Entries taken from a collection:
+ + + + + + +
Lemma tensm_copy_deterministic_in_X {A X E : Ob C} (p : Hom C A X) (e : Hom C A E) :
  deterministic p -> deterministic_in_X ((p ⊗ e) ∘ copy A).
Proof.
  unfold deterministic_in_X, deterministic. intro Hp.
  rewrite marg1_tensm_copy, (comp_assoc (copy A) (p ⊗ e)), <- tensm_comp, Hp.
  rewrite comp_id_l, <- (comp_id_r e), tensm_comp. assoc_right.
  rewrite_comp (assoc_nat p p e). rewrite (coassoc A).
  rewrite comp_assoc, <- tensm_comp, !comp_id_r. reflexivity.
Qed.

Lemma positive_iff_det_marginal_independence :
  positive C <-> det_marginal_independence C.
Proof.
  unfold det_marginal_independence, dilation. split.
  - intros Hpos A X E p pi Hp Hpi.
    assert (Hsplit := proj1 positive_swapped Hpos _ _ _ pi (proj_l X E)).
    rewrite <- marg1E, Hpi in Hsplit.
    transitivity ((proj_l X E ⊗ proj_r X E) ∘ copy _ ∘ pi).
    { rewrite tensm_proj_copy, comp_id_l. reflexivity. }
    rewrite tensm_split_r. assoc_right. rewrite (Hsplit Hp).
    rewrite comp_assoc, <- tensm_comp, comp_id_l, <- marg2E. reflexivity.
  - intros Hdmi. apply (proj2 positive_swapped). intros X Y Z f g Hdet.
    assert (Hsplit := Hdmi _ _ _ (g ∘ f) ((g ⊗ idm Y) ∘ (copy Y ∘ f)) Hdet).
    rewrite (comp_assoc f (copy Y)), marg1_comp, marg2_comp in Hsplit.
    rewrite marg1_tensm_copy, marg2_tensm_copy, comp_id_l in Hsplit.
    rewrite comp_assoc. apply Hsplit. reflexivity.
Qed.
Lemma H_PW_two_S2 n h : card2 n h = 2%nat ->
  pi1 n h = 1 -> pi3 n h = 0 -> pi4 n h = 0 ->
  H_PW n h = Rmin (3 + IZR (ceilZ (sh3 n h + sh4 n h)))
                  (2 * hstar n h * (2 + IZR (ceilZ (sh3 n h + sh4 n h)))).
Proof.
  intros Hc E1 E3 E4.
  assert (F3 : f3 n h = sh3 n h) by (unfold f3; lra).
  assert (F4 : f4 n h = sh4 n h) by (unfold f4; lra).
  assert (F2 : f2 n h = 0) by (unfold f2; rewrite Hc; reflexivity).
  unfold H_PW, z_a, z_b. rewrite Hc, F2, F3, F4, E1, E3, E4, Rplus_0_l.
  simpl Nat.eqb; cbv iota. simpl (INR 2); simpl (INR (Nat.div2 2)).
  f_equal; lra.
Qed.

Lemma min_ratio_bound (x hs s g : R) (z : Z) :
  0 <= x < 2 -> x <= IZR z < x + 1 ->
  1 <= s -> hs + 1/2 <= s -> s + 2/3 * x <= g ->
  Rmin (3 + IZR z) (2 * hs * (2 + IZR z)) <= 100/53 * Rmin 3 (2 * g).
Proof.
  intros Hx Hz Hs1 Hs2 Hg.
  assert (Hz02 : (0 <= z < 3)%Z) by (split; [apply le_IZR|apply lt_IZR]; lra).
  pose proof (Rmin_l (3 + IZR z) (2 * hs * (2 + IZR z))).
  pose proof (Rmin_r (3 + IZR z) (2 * hs * (2 + IZR z))).
  unfold Rmin at 2. destruct (Rle_dec 3 (2 * g)).
  - assert (IZR z <= 2) by (apply IZR_le; lia). lra.
  - assert (Hz3 : (z = 0 \/ z = 1 \/ z = 2)%Z) by lia.
    destruct Hz3 as [-> | [-> | ->]]; simpl IZR in *; lra.
Qed.

Theorem proposition6 (n : nat) (h : nat -> R) :
  instance n h ->
  card2 n h = 2%nat ->
  pi1 n h + pi3 n h + pi4 n h - 1 = 0 ->
  forall Hstar : R, is_glb (schedule_heights n h) Hstar ->
  H_PW n h <= 100 / 53 * Hstar.
Proof.
  intros Hinst Hc Hpi Hstar Hglb.
  pose proof (Hstar_ge_min n h Hstar Hinst Hglb) as Hlow.
  pose proof (pi1_ge_1 n h Hinst).
  pose proof (floorZ_nonneg _ (sh3_nonneg n h)) as Hpi3.
  pose proof (floorZ_nonneg _ (sh4_nonneg n h)) as Hpi4.
  fold (pi3 n h) in Hpi3; fold (pi4 n h) in Hpi4.
  assert (E1 : pi1 n h = 1) by lra.
  assert (E3 : pi3 n h = 0) by lra.
  assert (E4 : pi4 n h = 0) by lra.
  pose proof (floorZ_zero_lt_1 _ E3). pose proof (floorZ_zero_lt_1 _ E4).
  pose proof (sh3_nonneg n h). pose proof (sh4_nonneg n h).
  pose proof (sum_S2_ge_half_card n h) as Hhalf.
  pose proof (sum_S2_ge_hstar n h) as Hhs.
  rewrite Hc in Hhalf, Hhs. simpl (INR 2) in Hhalf, Hhs.
  pose proof (rate_others_ge_weighted n h Hinst).
  rewrite (H_PW_two_S2 n h Hc E1 E3 E4).
  eapply Rle_trans.
  - apply (min_ratio_bound (sh3 n h + sh4 n h) (hstar n h) (sum_S2 n h) (rate_others n h 1));
      [lra | apply ceilZ_bounds | lra | lra | lra].
  - lra.
Qed.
+ + + + + + +
Directions for this task:
Starting at the line that contains "pose proof (sh3_nonneg", restate word for word every line through the last one in the records above. Return nothing else.

Solution for this problem:
  pose proof (sh3_nonneg n h). pose proof (sh4_nonneg n h).
  pose proof (sum_S2_ge_half_card n h) as Hhalf.
  pose proof (sum_S2_ge_hstar n h) as Hhs.
  rewrite Hc in Hhalf, Hhs. simpl (INR 2) in Hhalf, Hhs.
  pose proof (rate_others_ge_weighted n h Hinst).
  rewrite (H_PW_two_S2 n h Hc E1 E3 E4).
  eapply Rle_trans.
  - apply (min_ratio_bound (sh3 n h + sh4 n h) (hstar n h) (sum_S2 n h) (rate_others n h 1));
      [lra | apply ceilZ_bounds | lra | lra | lra].
  - lra.
Qed.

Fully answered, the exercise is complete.